There are baskets dating back to 4000 BC, associated with the Egyptians and burial; they contained food for those who accompanied the royal dead to the afterlife. And baskets were used to form pottery before the invention of the potter’s wheel. (Stone Age pots often have the pattern of their wicker moulds on their surfaces, although of course the baskets themselves were more perishable. The pots survived with the shadow of their forms on their ancient sides.)

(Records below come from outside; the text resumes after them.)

(* Let $A_m(x)=R_{2m}(x)$ and $B_m(x)=R_{2m+1}(x)$ for $m\ge0$. Then, as formal power series in $z$, \[ \sum_{m\ge0}A_m(x)z^m=\frac{1-xz^2}{1-(1+x+x^2)z+x^2z^2},\qquad \sum_{m\ge0}B_m(x)z^m=\frac{1+x^3z}{1-(1+x+x^2)z+x^2z^2}+x . \]
   Context: For $n\ge1$ let $\Xi_n$ be the poset on $\{x_1,\dots,x_n\}$ whose cover relations are exactly: $x_2\prec x_1$, $x_3\prec x_2$, and for $3\le i\le n-1$, $x_i\prec x_{i+1}$ if $i$ is odd and $x_{i+1}\prec x_i$ if $i$ is even (so $x_1>x_2>x_3<x_4>x_5<\cdots$). A filter of a poset is an up-closed subset. $\Omega_n$ is the lattice of filters of $\Xi_n$ under reverse inclusion; $\Omega_0$ is the one-element lattice. $R_n(x)=\sum_{F\in\Omega_n}x^{\,n-|F|}$ is the rank generating function of $\Omega_n$, with $R_0(x)=1$. *)

From mathcomp Require Import all_boot all_order all_algebra.
Set Implicit Arguments. Unset Strict Implicit. Unset Printing Implicit Defensive.
Import GRing.Theory.
Local Open Scope ring_scope.

(* The poset Xi_n on {x_1,...,x_n}; element x_i is represented by the
   ordinal (i-1 : 'I_n).  xi_cover n a b  <=>  x_a is covered by x_b
   (x_a < x_b is a cover relation), with 1-based indices i = a+1, j = b+1:
     x_2 < x_1, x_3 < x_2,
     for 3 <= i <= n-1: x_i < x_{i+1} if i odd, x_{i+1} < x_i if i even. *)
Definition xi_cover (n : nat) : rel 'I_n := fun a b =>
  let i := (a.+1)%N in let j := (b.+1)%N in
  [|| (i == 2) && (j == 1),
      (i == 3) && (j == 2),
      [&& (3 <= i)%N, odd i & j == i.+1]
    | [&& (3 <= j)%N, ~~ odd j & i == j.+1] ].

Definition xi_le (n : nat) (a b : 'I_n) : bool := connect (@xi_cover n) a b.

Definition is_filter (n : nat) (F : {set 'I_n}) : bool :=
  [forall a : 'I_n, forall b : 'I_n, (a \in F) && xi_le a b ==> (b \in F)].

Definition R (n : nat) : {poly int} :=
  \sum_(F : {set 'I_n} | is_filter F) 'X^(n - #|F|).

Definition fps := nat -> {poly int}.
Definition fps_mul (f g : fps) : fps :=
  fun k => \sum_(i < k.+1) f i * g (k - i)%N.
Definition fps_sub (f g : fps) : fps := fun k => f k - g k.
Definition fps_const (c : {poly int}) : fps := fun k => if k == 0%N then c else 0.
Definition fps_of_poly (p : {poly {poly int}}) : fps := fun k => p`_k.

Definition xx : {poly int} := 'X.
Definition zz : {poly {poly int}} := 'X.

Definition Den : {poly {poly int}} :=
  1 - (1 + xx + xx ^+ 2)%:P * zz + (xx ^+ 2)%:P * zz ^+ 2.
Definition NumA : {poly {poly int}} := 1 - xx%:P * zz ^+ 2.
Definition NumB : {poly {poly int}} := 1 + (xx ^+ 3)%:P * zz.

Definition A_ser : fps := fun m => R (2 * m).
Definition B_ser : fps := fun m => R (2 * m).+1.

From mathcomp Require Import all_boot all_order all_algebra.
From mathcomp Require Import zify ring.
From Stdlib Require Import FunctionalExtensionality.
Set Implicit Arguments. Unset Strict Implicit. Unset Printing Implicit Defensive.
Import GRing.Theory.
Local Open Scope ring_scope.

(* A filter of the fence Xi_(n+1) is a filter of Xi_n plus a decision on x_(n+1),
   constrained only by the cover between x_n and x_(n+1).  Splitting the rank
   generating function according to membership of the last element thus gives a
   2x2 transfer-matrix recursion whose matrix depends only on the direction of
   that cover.  Two consecutive steps (a rise, then a fall) compose to the matrix
   [[1, 1], [x, x + x^2]] of trace 1 + x + x^2 and determinant x^2, so by
   Cayley-Hamilton A_m and B_m satisfy the recurrence with characteristic
   polynomial t^2 - (1 + x + x^2) t + x^2; the numerators are read off the first
   terms. *)

Definition cover_closed (T : finType) (r : rel T) (F : {set T}) : bool :=
  [forall a, forall b, r a b ==> (a \in F) ==> (b \in F)].

Lemma cover_closedP (T : finType) (r : rel T) (F : {set T}) :
  reflect (forall a b, r a b -> a \in F -> b \in F) (cover_closed r F).
Proof.
apply: (iffP forallP) => [H a b rab | H a].
  by move/forallP/(_ b)/implyP/(_ rab)/implyP: (H a).
by apply/forallP => b; apply/implyP => /H ?; apply/implyP.
Qed.

Lemma connect_closedE (T : finType) (r : rel T) (F : {set T}) :
  [forall a, forall b, (a \in F) && connect r a b ==> (b \in F)] = cover_closed r F.
Proof.
apply/forallP/cover_closedP => [H a b rab aF | H a].
  by move/forallP/(_ b): (H a); rewrite aF connect1.
apply/forallP => b; apply/implyP => /andP[aF /connectP[p r_p ->]].
by elim: p a aF r_p => //= c p IHp a aF /andP[/H/(_ aF) cF /IHp]; apply.
Qed.

Section LastElement.

Variable n : nat.

Definition drop_last (G : {set 'I_n.+1}) : {set 'I_n} := [set j | lift ord_max j \in G].

Definition extend_last (F : {set 'I_n}) (b : bool) : {set 'I_n.+1} :=
  [set i | if unlift ord_max i is Some j then j \in F else b].

Lemma mem_extend_last (F : {set 'I_n}) b (i : 'I_n.+1) :
  (i \in extend_last F b) = if unlift ord_max i is Some j then j \in F else b.
Proof. by rewrite inE. Qed.

Lemma extend_lastK b : cancel (extend_last ^~ b) drop_last.
Proof. by move=> F; apply/setP => j; rewrite !inE liftK. Qed.

Lemma drop_lastK (G : {set 'I_n.+1}) : extend_last (drop_last G) (ord_max \in G) = G.
Proof. by apply/setP => i; rewrite inE; case: unliftP => [j|] ->; rewrite ?inE. Qed.

Lemma card_drop_last (G : {set 'I_n.+1}) : #|G| = (#|drop_last G| + (ord_max \in G))%N.
Proof.
rewrite -!sum1_card big_mkcond big_ord_recr [in RHS]big_mkcond /=.
congr (_ + _)%N; apply: eq_bigr => j _; rewrite inE.
by congr (if _ \in G then _ else _); apply: val_inj; exact: esym (lift_max j).
Qed.

Lemma card_extend_last (F : {set 'I_n}) b : #|extend_last F b| = (#|F| + b)%N.
Proof. by rewrite card_drop_last extend_lastK mem_extend_last unlift_none. Qed.

End LastElement.

Section Fence.

Variable e : rel nat.
Hypothesis e_local : forall a b, e a b -> (b == a.+1) || (a == b.+1).

Definition fence n : rel 'I_n := fun a b => e a b.
Arguments fence : clear implicits.

Definition rank_sum n (P : pred {set 'I_n}) : {poly int} :=
  \sum_(F | cover_closed (fence n) F && P F) 'X^(n - #|F|)%N.

Definition last_sum n (b : bool) : {poly int} :=
  rank_sum (fun G : {set 'I_n.+1} => (ord_max \in G) == b).

Definition last_link n (F : {set 'I_n}) (b : bool) : bool :=
  [forall a : 'I_n, (e a n ==> (a \in F) ==> b) && (e n a ==> b ==> (a \in F))].

Lemma cover_closed_extend_last n (F : {set 'I_n}) b :
  cover_closed (fence n.+1) (extend_last F b) = cover_closed (fence n) F && last_link F b.
Proof.
apply/cover_closedP/andP => [H | [/cover_closedP HF /forallP Hl] a c].
  split.
    apply/cover_closedP => a c.
    have := H (lift ord_max a) (lift ord_max c).
    by rewrite /fence !mem_extend_last !liftK !lift_max.
  apply/forallP => a; apply/andP; split; apply/implyP => ea; apply/implyP.
    have := H (lift ord_max a) ord_max.
    by rewrite /fence !mem_extend_last liftK unlift_none lift_max; apply.
  have := H ord_max (lift ord_max a).
  by rewrite /fence !mem_extend_last liftK unlift_none lift_max; apply.
rewrite /fence !mem_extend_last.
case: (unliftP ord_max a) => [a'|] ->; case: (unliftP ord_max c) => [c'|] ->;
  rewrite ?lift_max.
- exact: HF.
- by move=> ea; have /andP[/implyP/(_ ea)/implyP] := Hl a'.
- by move=> ec; have /andP[_ /implyP/(_ ec)/implyP] := Hl c'.
- by [].
Qed.

Lemma last_sum_link n b :
  last_sum n b = 'X^(~~ b) * rank_sum (fun F : {set 'I_n} => last_link F b).
Proof.
rewrite /last_sum /rank_sum big_distrr /=.
rewrite (reindex_onto (fun F : {set 'I_n} => extend_last F b) (@drop_last n)); last first.
  by move=> G /andP[_ /eqP <-]; apply: drop_lastK.
apply: eq_big => F.
  by rewrite cover_closed_extend_last extend_lastK mem_extend_last unlift_none !eqxx !andbT.
move=> _; rewrite card_extend_last -exprD; congr ('X^_).
case: b; rewrite /= ?addn0 ?addn1 ?subSS ?add1n ?subSn //.
by rewrite -[n in (_ <= n)%N]card_ord max_card.
Qed.

Lemma rank_sum_ord0 (P : pred {set 'I_0}) : P set0 -> rank_sum P = 1.
Proof.
have set0_ord0 (F : {set 'I_0}) : F = set0 by apply/setP => -[].
move=> P0; rewrite /rank_sum (big_pred1 set0) ?cards0 // => F.
by rewrite (set0_ord0 F) P0 andbT /= eqxx; apply/cover_closedP => -[].
Qed.

Lemma last_sum0 b : last_sum 0 b = 'X^(~~ b).
Proof. by rewrite last_sum_link rank_sum_ord0 ?mulr1 //; apply/forallP => -[]. Qed.

(* [c] and [b] tell whether the old last element [n] and the new one [n.+1]
   belong to the filter. *)
Definition last_compat n (c b : bool) : bool :=
  (e n n.+1 ==> c ==> b) && (e n.+1 n ==> b ==> c).

Lemma last_linkS n (F : {set 'I_n.+1}) b : last_link F b = last_compat n (ord_max \in F) b.
Proof.
apply/forallP/idP => [/(_ ord_max) // | compat a].
case: (unliftP ord_max a) => [a'|] -> //.
have a'_lt : (lift ord_max a' < n)%N by rewrite lift_max ltn_ord.
have no_edge (c : nat) : (c < n)%N -> e c n.+1 = false /\ e n.+1 c = false.
  by move=> c_lt; split; apply/negP => /e_local; lia.
by have [-> ->] := no_edge _ a'_lt.
Qed.

Lemma last_sumS n b :
  last_sum n.+1 b = 'X^(~~ b) * \sum_(c | last_compat n c b) last_sum n c.
Proof.
rewrite last_sum_link; congr (_ * _).
rewrite /rank_sum (partition_big (fun F : {set 'I_n.+1} => ord_max \in F) (last_compat n ^~ b)).
  apply: eq_bigr => c cb; apply: eq_bigl => F; rewrite last_linkS.
  by case: eqP => [->|_]; rewrite ?cb ?andbF ?andbT.
by move=> F /andP[_]; rewrite last_linkS.
Qed.

Lemma rank_sum_last n : rank_sum (n := n.+1) xpredT = last_sum n true + last_sum n false.
Proof.
rewrite /rank_sum (bigID (fun G : {set 'I_n.+1} => ord_max \in G)) /=.
by congr (_ + _); apply: eq_bigl => G; rewrite andbT ?eqb_id ?eqbF_neg.
Qed.

End Fence.

(* [xi_cover n] is the restriction of this relation to ['I_n]. *)
Definition xi_cover_nat : rel nat := fun a b =>
  let i := a.+1 in let j := b.+1 in
  [|| (i == 2) && (j == 1),
      (i == 3) && (j == 2),
      [&& (3 <= i)%N, odd i & j == i.+1]
    | [&& (3 <= j)%N, ~~ odd j & i == j.+1] ].

Definition xi_rises (m : nat) : bool := (2 <= m)%N && ~~ odd m.

Lemma xi_cover_nat_local a b : xi_cover_nat a b -> (b == a.+1) || (a == b.+1).
Proof. rewrite /xi_cover_nat; case: (odd _); case: (odd _); lia. Qed.

Lemma xi_cover_natS m : xi_cover_nat m m.+1 = xi_rises m.
Proof. rewrite /xi_cover_nat /xi_rises /=; case: (odd m) => /=; lia. Qed.

Lemma xi_cover_natSn m : xi_cover_nat m.+1 m = ~~ xi_rises m.
Proof. rewrite /xi_cover_nat /xi_rises /=; case: (odd m) => /=; lia. Qed.

Lemma R_rank_sum n : R n = rank_sum xi_cover_nat (n := n) xpredT.
Proof. by apply: eq_bigl => F; rewrite andbT -connect_closedE. Qed.

Definition xi_pair k := (last_sum xi_cover_nat k true, last_sum xi_cover_nat k false).

Definition xi_step (rises : bool) (v : {poly int} * {poly int}) :=
  if rises then (v.1 + v.2, v.2 * 'X) else (v.1, (v.1 + v.2) * 'X).

Lemma xi_pair0 : xi_pair 0 = (1, 'X).
Proof. by rewrite /xi_pair !last_sum0 expr0 expr1. Qed.

Lemma xi_pairS k : xi_pair k.+1 = xi_step (xi_rises k) (xi_pair k).
Proof.
rewrite /xi_pair !(last_sumS xi_cover_nat_local) expr0 expr1 /last_compat.
rewrite xi_cover_natS xi_cover_natSn.
by case: (xi_rises k); congr pair; rewrite big_mkcond big_bool /=; ring.
Qed.

Lemma R_xi_pair k : R k.+1 = (xi_pair k).1 + (xi_pair k).2.
Proof. by rewrite R_rank_sum rank_sum_last. Qed.

Lemma R0 : R 0 = 1.
Proof. by rewrite R_rank_sum rank_sum_ord0. Qed.

Definition xi_step2 (v : {poly int} * {poly int}) := xi_step false (xi_step true v).

(* [(- 'X, 1 + 'X)] is a virtual predecessor of [xi_pair 2] under [xi_step2]: it
   lets the recurrence start at index 0, at the price of the extra [x] in the
   B series. *)
Definition xi_even_pair (j : nat) := iter j xi_step2 (- 'X, 1 + 'X).

Lemma xi_rises_even j : xi_rises j.*2.+2.
Proof. by rewrite /xi_rises /= odd_double. Qed.

Lemma xi_rises_odd j : xi_rises j.*2.+3 = false.
Proof. by rewrite /xi_rises /= odd_double. Qed.

Lemma xi_even_pairE j : xi_even_pair j.+1 = xi_pair j.*2.+2.
Proof.
elim: j => [|j IHj].
  by rewrite !xi_pairS xi_pair0 /= /xi_step2 /xi_step /=; congr pair; ring.
by rewrite [LHS]iterS -/(xi_even_pair j.+1) IHj doubleS !xi_pairS xi_rises_even xi_rises_odd.
Qed.

Lemma xi_even_pairSS j :
  xi_even_pair j.+2 =
  ((1 + 'X + 'X^2) * (xi_even_pair j.+1).1 - 'X^2 * (xi_even_pair j).1,
   (1 + 'X + 'X^2) * (xi_even_pair j.+1).2 - 'X^2 * (xi_even_pair j).2).
Proof.
rewrite /xi_even_pair !iterS; case: (iter j xi_step2 _) => p q.
by rewrite /xi_step2 /xi_step /=; congr pair; ring.
Qed.

Lemma A_ser_even_pair j :
  A_ser j.+1 = (xi_even_pair j).1 + (xi_even_pair j).2 * (1 + 'X).
Proof.
rewrite /A_ser mul2n; case: j => [|j].
  by rewrite R_xi_pair xi_pairS xi_pair0 /=; ring.
by rewrite !doubleS R_xi_pair xi_even_pairE xi_pairS xi_rises_even /=; ring.
Qed.

Lemma B_ser_even_pair j :
  fps_sub B_ser (fps_const xx) j = (xi_even_pair j).1 + (xi_even_pair j).2.
Proof.
rewrite /fps_sub /fps_const /B_ser mul2n; case: j => [|j].
  by rewrite R_xi_pair xi_pair0 /xx /=; ring.
by rewrite doubleS R_xi_pair xi_even_pairE /= subr0.
Qed.

Lemma coef_Den i :
  Den`_i = (i == 0)%:R - (1 + xx + xx ^+ 2) * (i == 1)%:R + xx ^+ 2 * (i == 2)%:R.
Proof. by rewrite /Den /zz coefD coefB coef1 !coefCM coefX coefXn. Qed.

Lemma Den_mul0 f : fps_mul (fps_of_poly Den) f 0%N = f 0%N.
Proof. by rewrite /fps_mul big_ord1 /fps_of_poly coef_Den /=; ring. Qed.

Lemma Den_mul1 f :
  fps_mul (fps_of_poly Den) f 1%N = f 1%N - (1 + xx + xx ^+ 2) * f 0%N.
Proof. by rewrite /fps_mul !big_ord_recl big_ord0 /fps_of_poly !coef_Den /=; ring. Qed.

Lemma Den_mulSS f k :
  fps_mul (fps_of_poly Den) f k.+2 = f k.+2 - (1 + xx + xx ^+ 2) * f k.+1 + xx ^+ 2 * f k.
Proof.
rewrite /fps_mul !big_ord_recl big1 => [|i _]; rewrite /fps_of_poly !coef_Den /=.
  by rewrite !subSS !subn0; ring.
by ring.
Qed.

Lemma coef_NumA i : NumA`_i = (i == 0)%:R - xx * (i == 2)%:R.
Proof. by rewrite /NumA /zz coefB coef1 coefCM coefXn. Qed.

Lemma coef_NumB i : NumB`_i = (i == 0)%:R + xx ^+ 3 * (i == 1)%:R.
Proof. by rewrite /NumB /zz coefD coef1 coefCM coefX. Qed.

Theorem mainTheorem4 :
  fps_mul (fps_of_poly Den) A_ser = fps_of_poly NumA /\
  fps_mul (fps_of_poly Den) (fps_sub B_ser (fps_const xx)) = fps_of_poly NumB.
Proof.
have A_ser0 : A_ser 0 = 1 by exact: R0.
split; apply: functional_extensionality => -[|[|[|k]]];
  rewrite ?Den_mul0 ?Den_mul1 ?Den_mulSS /fps_of_poly ?coef_NumA ?coef_NumB /xx /=.
- by rewrite A_ser0; ring.
- by rewrite A_ser0 A_ser_even_pair /=; ring.
- by rewrite A_ser0 !A_ser_even_pair /=; ring.
- by rewrite !A_ser_even_pair xi_even_pairSS /=; ring.
- by rewrite B_ser_even_pair /=; ring.
- by rewrite !B_ser_even_pair /=; ring.
- by rewrite !B_ser_even_pair xi_even_pairSS /=; ring.
- by rewrite !B_ser_even_pair xi_even_pairSS /=; ring.
Qed.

By 1569, there was even a Worshipful Company of Basketmakers6 in England, part of the livery or guild tradition in the City of London. They were suppliers to butchers, among others, who would have valued the practicali
ty of baskets for holding and draining meat and viscera, perhaps into a waiting basin so the blood could be kept for pudding; the baskets could be easily rinsed and dried afterwards. (I think of the beautiful open-work baskets made of cedar withes by the Northwest Coast peoples to drain clams and other shellfish, and how the berry baskets in museum collections almost always retain a slight stain from the juices gathered so long ago.)
The final partner on the dance card: the long needles from the Skihist picnic site, high above the Thompson River as it races to its meeting with the Fraser, entering the waltz. These are a pleasure to work with, so supple and pliant, easily circling the rising rim of the basket. My hands have taken to this in a way my body never took to dancing. As I work, I think of how a basket is more than a sum of its parts, as anything marvellous is. Some dry pine needles collected under trees, raffia, and linen thread pushed through the eye of a tapestry needle. A lump of wax in a foil tart tin. A book for instructions. A bowl to soak and rehydrate bunches from Monck Park, Heffley Creek, Kamloops Lake, Red Hill near Ashcroft, the high bench of Skihist.
When I finish the basket, I hold it in my hands with the kind of tentative wonder one holds a small bird dazed from a collision with a window. It almost breathes, this basket. What will it hold? Loose change, a necklace, a few nuts in their shells at Christmas? Already it contains a story, though the narrative is perhaps a little quiet for these troubled times. A road trip taken in the early fall, just as the aspens were turning in the Nicola Valley, with stops at Brookmere, Quilchena, the Lundbom Forestry campsite where we ate a meal with friends encountered unexpectedly as they drove in to camp and we were leaving after a walk around the quiet lake (“Why is that motorhome honking?” “I don’t know. A mechanical problem, maybe? We’d better stop.” “It’s Solveigh and Joe!” “No!” “Yes, it is!”).